Data records:
----------------

(* Under any stationary policy $v$, the Markov chain $\{X_t\}$ has a single aperiodic communicating class $\widetilde S$ containing $\theta=[0,\dots,0]$ (possibly together with some transient states), and restricted to $\widetilde S$ the chain is geometrically ergodic. Moreover, letting $\pi$ denote its unique stationary distribution and $\tau_\theta := \min\{t\ge 0: X_t=\theta\}$: (1) there exists $a>0$ such that for every $x\ne\theta$, $\mathbb{E}[e^{a\tau_\theta}\mid X_0=x]\le K_x<\infty$ for some constant $K_x$, uniformly in $v$; (2) for every $f$ with $f = O(\Phi)$, $\mathbb{E}[f(X_t)]\to \sum_y \pi(y) f(y)$ exponentially fast, uniformly in $v$; in fact there are $K>0$ and $0<\eta<1$ with $\left|\mathbb{E}[f(X_t)\mid X_0=x] - \sum_y \pi(y)f(y)\right| \le K\left(1+\sum_i e^{a x_i}\right)\eta^t$ for $x=[x_1,\dots,x_I]$; (3) $\sup \mathbb{E}\left[\sum_i X^i_t\right]<\infty$, where the supremum is over all stationary policies and the expectation is with respect to the corresponding stationary distributions; in particular these stationary distributions form a compact (tight) set of probability measures; (4) $\sup \mathbb{E}\left[\sum_{t=0}^{\tau_\theta} \sum_i X^i_t\right] < \infty$, with the supremum as in (3).
   Context: Processor sharing model: a single Bernoulli arrival process $\{\xi_t\}$ ($\xi_t\in\{0,1\}$ i.i.d., $P(\xi_t=1)=p\in(0,1)$). There are $I$ queues with lengths $X^i_t\in\mathcal N:=\{0,1,2,\dots\}$ evolving as $X^i_{t+1} = X^i_t - D^i_{t+1} + \nu^i_t \xi_{t+1}$, where $\nu^i_t\in\{0,1\}$, $\sum_i\nu^i_t=1$. Given $X^i_t = x\ge 1$, $D^i_{t+1}\sim \mathrm{Binomial}(x, q_i/x)$; if $x=0$ there are no departures. Standing assumption: $1>q_1>\dots>q_I>2p>0$. A stationary policy is a map $v:\mathcal N^I\to\{e_1,\dots,e_I\}$ (unit coordinate vectors) with $\nu_t = v(X_t)$; under it $\{X_t\}$ is a time-homogeneous Markov chain. $\Phi([x_1,\dots,x_I])=\sum_i e^{a x_i}$ where $a>0$ satisfies $p(e^a-1)<\frac{q_I}{2}(1-e^{-a})$. *)

From Stdlib Require Import Reals List Arith ZArith.
Import ListNotations.
Open Scope R_scope.

(* A state [x_1,...,x_I] is a list of naturals of length I (index i is 0-based). *)
Definition state := list nat.
Definition valid (I : nat) (x : state) : Prop := length x = I.
Definition theta (I : nat) : state := repeat 0%nat I.

Fixpoint box (n k : nat) : list state :=
  match k with
  | O => [[]]
  | S k' => flat_map (fun l => map (fun j => j :: l) (seq 0 (S n))) (box n k')
  end.

Definition lsum (l : list state) (g : state -> R) : R :=
  fold_right (fun x acc => g x + acc) 0 l.

(* Partial sums of a series over N^I along the exhausting boxes [0,n]^I. *)
Definition boxsum (I : nat) (g : state -> R) (n : nat) : R := lsum (box n I) g.

Definition has_sum (I : nat) (g : state -> R) (s : R) : Prop :=
  (exists B, forall n, boxsum I (fun x => Rabs (g x)) n <= B) /\
  Un_cv (boxsum I g) s.

(* P(D = k) for D ~ Binomial(n, r); for n = 0 this is the point mass at 0. *)
Definition dep_pmf (n : nat) (r : R) (k : Z) : R :=
  if (Z.leb 0 k && Z.leb k (Z.of_nat n))%bool
  then C n (Z.to_nat k) * r ^ (Z.to_nat k) * (1 - r) ^ (n - Z.to_nat k)
  else 0.

Definition arrival_pmf (p : R) (xi : nat) : R := if Nat.eqb xi 1 then p else 1 - p.

(* A stationary policy: state -> index of the queue receiving the arrival
   (index j encodes the unit vector e_{j+1}). *)
Definition policy (I : nat) (v : state -> nat) : Prop :=
  forall x, valid I x -> (v x < I)%nat.

(* One-step transition probability P(X_{t+1} = y | X_t = x) under policy v:
   X^i_{t+1} = X^i_t - D^i + nu^i xi, D^i ~ Bin(x_i, q_i/x_i) independent,
   xi ~ Bernoulli(p) independent. *)
Definition trans (I : nat) (p : R) (q : nat -> R) (v : state -> nat)
  (x y : state) : R :=
  fold_right Rplus 0
    (map (fun xi =>
       arrival_pmf p xi *
       fold_right Rmult 1
         (map (fun i =>
            let xi_i := nth i x 0%nat in
            let e := if Nat.eqb i (v x) then xi else 0%nat in
            dep_pmf xi_i (q i / INR xi_i)
              (Z.of_nat xi_i + Z.of_nat e - Z.of_nat (nth i y 0%nat))%Z)
          (seq 0 I)))
     [0%nat; 1%nat]).

(* The support of trans x . is contained in box (list_max x + 1). *)
Definition Pf (I : nat) (p : R) (q : nat -> R) (v : state -> nat)
  (g : state -> R) (x : state) : R :=
  lsum (box (S (list_max x)) I) (fun z => trans I p q v x z * g z).

Fixpoint expect (I : nat) (p : R) (q : nat -> R) (v : state -> nat)
  (t : nat) (g : state -> R) : state -> R :=
  match t with
  | O => g
  | S t' => Pf I p q v (expect I p q v t' g)
  end.

Definition indic (y : state) : state -> R :=
  fun z => if list_eq_dec Nat.eq_dec z y then 1 else 0.

Definition Pn I p q v (t : nat) (x y : state) : R := expect I p q v t (indic y) x.

Definition reach I p q v (x y : state) : Prop := exists t, Pn I p q v t x y > 0.

Definition in_class I p q v (x : state) : Prop :=
  reach I p q v (theta I) x /\ reach I p q v x (theta I).

(* theta is aperiodic: gcd{ n >= 1 : P^n(theta,theta) > 0 } = 1. *)
Definition aperiodic I p q v : Prop :=
  forall d : nat,
    (1 <= d)%nat ->
    (forall n : nat, (1 <= n)%nat -> Pn I p q v n (theta I) (theta I) > 0 ->
        Nat.divide d n) ->
    d = 1%nat.

Definition stationary I p q v (pi : state -> R) : Prop :=
  (forall x, valid I x -> 0 <= pi x) /\
  has_sum I pi 1 /\
  (forall y, valid I y -> has_sum I (fun x => pi x * trans I p q v x y) (pi y)).

(* hit_prob t x = P(tau_theta = t | X_0 = x), tau_theta = min{t >= 0 : X_t = theta}. *)
Fixpoint hit_prob I p q v (t : nat) (x : state) : R :=
  match t with
  | O => if list_eq_dec Nat.eq_dec x (theta I) then 1 else 0
  | S t' => if list_eq_dec Nat.eq_dec x (theta I) then 0
            else Pf I p q v (hit_prob I p q v t') x
  end.

(* taboo_sum g n x = E[ sum_{t=0}^{min(tau_theta, n)} g(X_t) | X_0 = x ]. *)
Fixpoint taboo_sum I p q v (g : state -> R) (n : nat) (x : state) : R :=
  match n with
  | O => g x
  | S n' => g x + (if list_eq_dec Nat.eq_dec x (theta I) then 0
                   else Pf I p q v (taboo_sum I p q v g n') x)
  end.

Definition total (I : nat) (x : state) : R :=
  fold_right Rplus 0 (map (fun i => INR (nth i x 0%nat)) (seq 0 I)).

Definition Phi (I : nat) (a : R) (x : state) : R :=
  fold_right Rplus 0 (map (fun i => exp (a * INR (nth i x 0%nat))) (seq 0 I)).

From Stdlib Require Import Reals List Arith ZArith Lra Lia.
Import ListNotations.
Open Scope R_scope.

(* Harris' theorem in the form of Hairer and Mattingly, with every constant independent
   of the policy. Every queue drains at rate at least [q_I/2 > p], so [Φ x = Σ_i e^{a x_i}]
   satisfies the drift inequality [P Φ <= γ Φ + b] with [γ < 1]; from the sublevel set
   [{Φ <= R}] the chain empties all queues at once with probability at least [α > 0].
   Together these make [P] a strict contraction, at rate [ρ < 1], for the seminorm
   [|f x - f y| <= L (2 + β Φ x + β Φ y)]. Hence [P^t(θ, .)] is Cauchy, its limit is the
   unique stationary law, [π Φ <= b / (1 - γ)] for every stationary [π], and [E_x f(X_t)]
   converges to [π f] at rate [ρ^t] whenever [|f| <= c Φ]. The same two inequalities show
   that [U = Φ + 2 b / α] off [θ], [U θ = 0], satisfies [P U <= ρ U] off [θ]: this gives a
   geometric tail for [τ_θ] and bounds the expected queue content up to [τ_θ] by a
   multiple of [U], whose [π]-average is bounded by the drift. *)

Definition rsum {A} (l : list A) (f : A -> R) : R :=
  fold_right (fun x acc => f x + acc) 0 l.

Definition rprod {A} (l : list A) (f : A -> R) : R := fold_right Rmult 1 (map f l).

Section ListSums.
Context {A B : Type}.
Implicit Types (l : list A) (f g : A -> R).

Lemma rsum_nil f : rsum [] f = 0.
Proof. reflexivity. Qed.

Lemma rsum_cons x l f : rsum (x :: l) f = f x + rsum l f.
Proof. reflexivity. Qed.

Lemma fold_Rplus_map l f : fold_right Rplus 0 (map f l) = rsum l f.
Proof. induction l as [|x l IH]; simpl; [|rewrite IH]; reflexivity. Qed.

Lemma rsum_app l1 l2 f : rsum (l1 ++ l2) f = rsum l1 f + rsum l2 f.
Proof. induction l1 as [|x l IH]; simpl; [lra|]. unfold rsum in *; simpl; rewrite IH; lra. Qed.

----------------

TRY IT:
Whenever a line of the data above includes the word "index", copy that line.

SOLVED EXERCISE:
(* A state [x_1,...,x_I] is a list of naturals of length I (index i is 0-based). *)
(* A stationary policy: state -> index of the queue receiving the arrival
   (index j encodes the unit vector e_{j+1}). *)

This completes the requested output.